(WHAT IS EXPECTED) Below are entries; copy exactly the lines from the one with "by rewrite mulr_sumr; apply: eq_bigr => p" through the one with "(fun z => (rhs", both included, and leave out the rest.

(RECORDS PROVIDED)
Lemma second_moment_term_ge0 (R : numDomainType) (I : eqType) (z : I -> nat) i j :
  0 <= ((z i)%:R : R) * ((z j)%:R - (i == j)%:R).
Proof.
have [<-|_] := eqVneq i j; last by rewrite subr0 mulr_ge0.
by case: (z i) => [|n]; rewrite ?mul0r // -natr1 addrK mulr_ge0.
Qed.

Lemma sum_second_moment (R : comPzRingType) (I : finType) (x w : I -> R) :
  \sum_i \sum_j x i * (w i * (w j - (i == j)%:R)) =
  (\sum_j w j - 1) * \sum_i w i * x i.
Proof.
rewrite mulr_sumr; apply: eq_bigr => i _.
have delta_sum : \sum_j ((i == j)%:R : R) = 1.
  by rewrite (bigD1 i) //= eqxx big1 ?addr0 // => j; rewrite eq_sym => /negbTE ->.
by rewrite -!mulr_sumr sumrB delta_sum; ring.
Qed.

Lemma monomial_taylor_le (R : realType) (I : finType) (d : R) (s : I -> R)
    (z : I -> nat) :
  (forall i, 0 <= s i <= 1) -> (forall i, 1 - s i <= d) ->
  \prod_i s i ^+ z i + \sum_i (z i)%:R * (1 - s i) <=
  1 + \sum_(p : I * I) d * (1 - s p.1) * ((z p.1)%:R * ((z p.2)%:R - (p.1 == p.2)%:R)).
Proof.
move=> s01 sd; have [_ _ _] := expansion_bounds_prod (index_enum I) z s01 sd.
set S := \sum_i _ * (1 - s i); set n := \sum_i (z i)%:R => upper.
have -> : \sum_(p : I * I) d * (1 - s p.1) * ((z p.1)%:R * ((z p.2)%:R - (p.1 == p.2)%:R))
    = d * ((n - 1) * S).
  transitivity (\sum_i \sum_j d * (1 - s i) * ((z i)%:R * ((z j)%:R - (i == j)%:R))).
    exact: esym (pair_bigA _ _).
  rewrite -sum_second_moment mulr_sumr; apply: eq_bigr => i _.
  by rewrite mulr_sumr; apply: eq_bigr => j _; rewrite [RHS]mulrA.
lra.
Qed.

Section pgf_second_order_bound.
Variables (R : realType) (N : nat) (c : {ffun 'I_N -> nat} -> R).
Hypothesis c_pgf : is_pgf_coef c.
Hypothesis d1_fin : forall i, (pgf_d1 c i < +oo)%E.
Hypothesis d2_fin : forall i j, (pgf_d2 c i j < +oo)%E.

Let m i := fine (pgf_d1 c i).
Let D i j := fine (pgf_d2 c i j).

Let c_ge0 z : 0 <= c z. Proof. by case: c_pgf. Qed.

Lemma pgf_d1_ge0 i : (0 <= pgf_d1 c i)%E.
Proof. by apply: esum_ge0 => z _; rewrite lee_fin mulr_ge0. Qed.

Lemma pgf_d1E i : pgf_d1 c i = (m i)%:E.
Proof. by rewrite fineK // ge0_fin_numE ?d1_fin ?pgf_d1_ge0. Qed.

Lemma pgf_d2E i j : pgf_d2 c i j = (D i j)%:E.
Proof.
rewrite fineK // ge0_fin_numE ?d2_fin //.
by apply: esum_ge0 => z _; rewrite lee_fin -mulrA mulr_ge0 ?second_moment_term_ge0.
Qed.

Lemma pgf_evalE (s : 'I_N -> R) : (forall j, 0 <= s j <= 1) ->
  (pgf_eval c s)%:E =
  \esum_(z in [set: {ffun 'I_N -> nat}]) (c z * \prod_(i < N) s i ^+ z i)%:E.
Proof.
move=> s01; have mono01 z : 0 <= \prod_(i < N) s i ^+ z i <= 1.
  by rewrite prodr_ge0 ?prodr_ile1 // => i _; have /andP[? ?] := s01 i;
    rewrite exprn_ge0 ?exprn_ile1.
rewrite fineK // ge0_fin_numE; last first.
  by apply: esum_ge0 => z _; rewrite lee_fin mulr_ge0 //; case/andP: (mono01 z).
apply: (@le_lt_trans _ _ 1%E); last exact: ltry.
case: c_pgf => _ <-; apply: le_esum => z _.
by rewrite lee_fin ler_piMr //; case/andP: (mono01 z).
Qed.

Lemma pgf_taylor_le (d : R) (s : 'I_N -> R) :
  (forall j, 0 <= s j <= 1) -> (forall j, 1 - s j <= d) ->
  pgf_eval c s + \sum_i m i * (1 - s i) <=
  1 + d * \sum_i (\sum_j D i j) * (1 - s i).
Proof.
move=> s01 sd.
have one_sub_s_ge0 i : 0 <= 1 - s i by have /andP[_] := s01 i; rewrite subr_ge0.
have ds0 i : 0 <= d * (1 - s i).
  by rewrite mulr_ge0 // (le_trans (one_sub_s_ge0 i) (sd i)).
pose lhs z := c z * \prod_i s i ^+ z i + \sum_i (1 - s i) * (c z * (z i)%:R).
pose rhs z := c z + \sum_(p : 'I_N * 'I_N) d * (1 - s p.1) *
  (c z * (z p.1)%:R * ((z p.2)%:R - (p.1 == p.2)%:R)).
have termwise z : lhs z <= rhs z.
  have e1 : \sum_i (1 - s i) * (c z * (z i)%:R) = c z * \sum_i (z i)%:R * (1 - s i).
    by rewrite mulr_sumr; apply: eq_bigr => i _; ring.
  have e2 : \sum_(p : 'I_N * 'I_N) d * (1 - s p.1) *
        (c z * (z p.1)%:R * ((z p.2)%:R - (p.1 == p.2)%:R)) =
      c z * \sum_(p : 'I_N * 'I_N) d * (1 - s p.1) *
        ((z p.1)%:R * ((z p.2)%:R - (p.1 == p.2)%:R)).
    by rewrite mulr_sumr; apply: eq_bigr => p _; ring.
  rewrite /lhs /rhs e1 e2; have := ler_wpM2l (c_ge0 z) (monomial_taylor_le z s01 sd).
  by rewrite !mulrDr mulr1.
have := @le_esum _ _ [set: {ffun 'I_N -> nat}] (fun z => (lhs z)%:E)
  (fun z => (rhs z)%:E) (fun z _ => termwise z).
have d1E i : \esum_(z in [set: _]) (c z * (z i)%:R)%:E = (m i)%:E := pgf_d1E i.
have d2E i j : \esum_(z in [set: _]) (c z * (z i)%:R * ((z j)%:R - (i == j)%:R))%:E =
  (D i j)%:E := pgf_d2E i j.
have mono_ge0 z : 0 <= c z * \prod_i s i ^+ z i.
  by rewrite mulr_ge0 // prodr_ge0 // => i _; have /andP[? _] := s01 i; exact: exprn_ge0.
have d1_term_ge0 i z : 0 <= c z * (z i)%:R by rewrite mulr_ge0.
have d2_term_ge0 (p : 'I_N * 'I_N) z :
    0 <= c z * (z p.1)%:R * ((z p.2)%:R - (p.1 == p.2)%:R).
  by rewrite -mulrA mulr_ge0 ?second_moment_term_ge0.
rewrite /lhs /rhs (esum_lincomb mono_ge0 one_sub_s_ge0 d1_term_ge0).
rewrite (esum_lincomb c_ge0 (fun p : 'I_N * 'I_N => ds0 p.1) d2_term_ge0).
under eq_bigr do rewrite d1E -EFinM.
under [X in (_ <= _ + X)%E]eq_bigr do rewrite d2E -EFinM.
case: c_pgf => _ ->; rewrite -pgf_evalE // !sumEFin -!EFinD lee_fin.
have -> : \sum_i (1 - s i) * m i = \sum_i m i * (1 - s i).
  by apply: eq_bigr => i _; rewrite mulrC.
suff -> : \sum_(p : 'I_N * 'I_N) d * (1 - s p.1) * D p.1 p.2 =
    d * \sum_i (\sum_j D i j) * (1 - s i) by [].
transitivity (\sum_i \sum_j d * (1 - s i) * D i j); first exact: esym (pair_bigA _ _).
rewrite mulr_sumr; apply: eq_bigr => i _.
by rewrite mulr_suml mulr_sumr; apply: eq_bigr => j _; ring.
Qed.

Lemma pgf_d2_eq0 i j : m i = 0 -> D i j = 0.
Proof.
move=> m0; have d1_term0 z : c z * (z i)%:R = 0.
  apply/eqP; rewrite eq_le mulr_ge0 // andbT -lee_fin -m0 -pgf_d1E.
  by rewrite /pgf_d1; apply: esum_ge_term => // y _; rewrite lee_fin mulr_ge0.
by rewrite /D /pgf_d2 esum1 // => z _; rewrite d1_term0 mul0r.
Qed.

Lemma esum_support_le_pgf_d1 (i : 'I_N) :
  (\esum_(w in [set w : {ffun 'I_N -> nat} | w i != 0%N]) (c w)%:E <= pgf_d1 c i)%E.
Proof.
rewrite esum_mkcond; apply: le_esum => z _.
case: ifP => [|_]; last by rewrite lee_fin mulr_ge0.
by rewrite in_setE /= => z_i_neq0; rewrite lee_fin ler_peMr // ler1n lt0n.
Qed.

Lemma pgf_le_linearization (alpha B rho d : R) (s : 'I_N -> R) :
  (forall i j, D i j <= B) -> (forall i, 0 < m i -> alpha <= m i) ->
  d * (N%:R * B) <= (1 - rho) * alpha -> rho <= 1 ->
  (forall j, 0 <= s j <= 1) -> (forall j, 1 - s j <= d) ->
  pgf_eval c s <= 1 - rho * \sum_i m i * (1 - s i).
Proof.
move=> D_le_B alpha_le_m d_small rho_le1 s01 sd.
have second_order_le i : d * \sum_j D i j <= (1 - rho) * m i.
  have [m0|m_neq0] := eqVneq (m i) 0.
    by rewrite m0 big1 ?mulr0 // => j _; exact: pgf_d2_eq0.
  have m_gt0 : 0 < m i by rewrite lt0r m_neq0 fine_ge0 ?pgf_d1_ge0.
  have d_ge0 : 0 <= d by have := sd i; have /andP[_] := s01 i; lra.
  have sum_le : \sum_j D i j <= N%:R * B.
    by apply: le_trans (ler_sum _ (fun j _ => D_le_B i j)) _;
      rewrite sumr_const card_ord mulr_natl.
  apply: le_trans (ler_wpM2l d_ge0 sum_le) (le_trans d_small _).
  by apply: ler_wpM2l; [lra | exact: alpha_le_m].
have second_order_sum_le :
    d * \sum_i (\sum_j D i j) * (1 - s i) <= (1 - rho) * \sum_i m i * (1 - s i).
  rewrite !mulr_sumr; apply: ler_sum => i _; rewrite !mulrA.
  by apply: ler_wpM2r; [have /andP[_] := s01 i; rewrite subr_ge0 | exact: second_order_le].
have := pgf_taylor_le s01 sd; lra.
Qed.

End pgf_second_order_bound.

Theorem lemma5p2 (R : realType) (N : nat) (I : pointedType)
  (c : I -> 'I_N -> {ffun 'I_N -> nat} -> R)
  (nu : probability (Sigma I) R) (alpha Mb lam rho : R) :
  (2 <= N)%N ->
  countable [set: I] ->
  shift_invariant nu -> ergodic nu ->
  (forall th k, is_pgf_coef (c th k)) ->
  (forall th k i, (pgf_d1 (c th k) i < +oo)%E) ->
  good nu (fun th => expmx (c th)) ->
  0 < alpha -> unif_allowable c alpha ->
  (forall th k i j, (pgf_d2 (c th k) i j < Mb%:E)%E) ->
  lyapunov nu (fun th => expmx (c th)) lam ->
  0 < lam ->
  0 < rho -> rho < 1 -> 1 < rho * expR lam ->
  exists2 delta : R, 0 < delta &
    forall (th : I) (s : 'I_N -> R),
      (forall j, 0 <= s j <= 1) ->
      (forall j, 1 - s j <= delta) ->
      forall k : 'I_N,
        pgf_eval (c th k) s
          <= 1 - rho * \sum_(i < N) expmx (c th) k i * (1 - s i).
Proof.
move=> N_ge2 _ _ _ c_pgf d1_fin _ alpha_gt0 [beta alpha_lt_beta c_unif] d2_lt_Mb _ _ _
  rho_lt1 _.
pose B := `|Mb| + 1.
have B_gt0 : 0 < B by rewrite ltr_pwDr.
have N_gt0 : 0 < N%:R :> R by rewrite ltr0n (leq_trans _ N_ge2).
exists ((1 - rho) * alpha / (N%:R * B)); first by rewrite divr_gt0 ?mulr_gt0 // subr_gt0.
move=> th s s01 s_near1 k.
have d2_fin i j : (pgf_d2 (c th k) i j < +oo)%E.
  by rewrite (lt_trans (d2_lt_Mb _ _ _ _)) ?ltry.
under eq_bigr do rewrite mxE.
apply: (pgf_le_linearization (c_pgf th k) (d1_fin th k) d2_fin (B := B) (alpha := alpha)) => //.
- move=> i j; rewrite -lee_fin -pgf_d2E //; apply/ltW/(lt_le_trans (d2_lt_Mb th k i j)).
  by rewrite lee_fin (le_trans (ler_norm _)) // lerDl.
- move=> i m_gt0; rewrite -lee_fin -pgf_d1E //.
  apply: le_trans (esum_support_le_pgf_d1 (c_pgf th k) i).
  by apply: le_trans (c_unif th k i _); rewrite ?mxE // lee_fin ltW.
- by rewrite mulfVK // mulf_neq0 // gt_eqF.
- exact: ltW.
Qed.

(ANSWER BELOW)
    by rewrite mulr_sumr; apply: eq_bigr => p _; ring.
  rewrite /lhs /rhs e1 e2; have := ler_wpM2l (c_ge0 z) (monomial_taylor_le z s01 sd).
  by rewrite !mulrDr mulr1.
have := @le_esum _ _ [set: {ffun 'I_N -> nat}] (fun z => (lhs z)%:E)
  (fun z => (rhs z)%:E) (fun z _ => termwise z).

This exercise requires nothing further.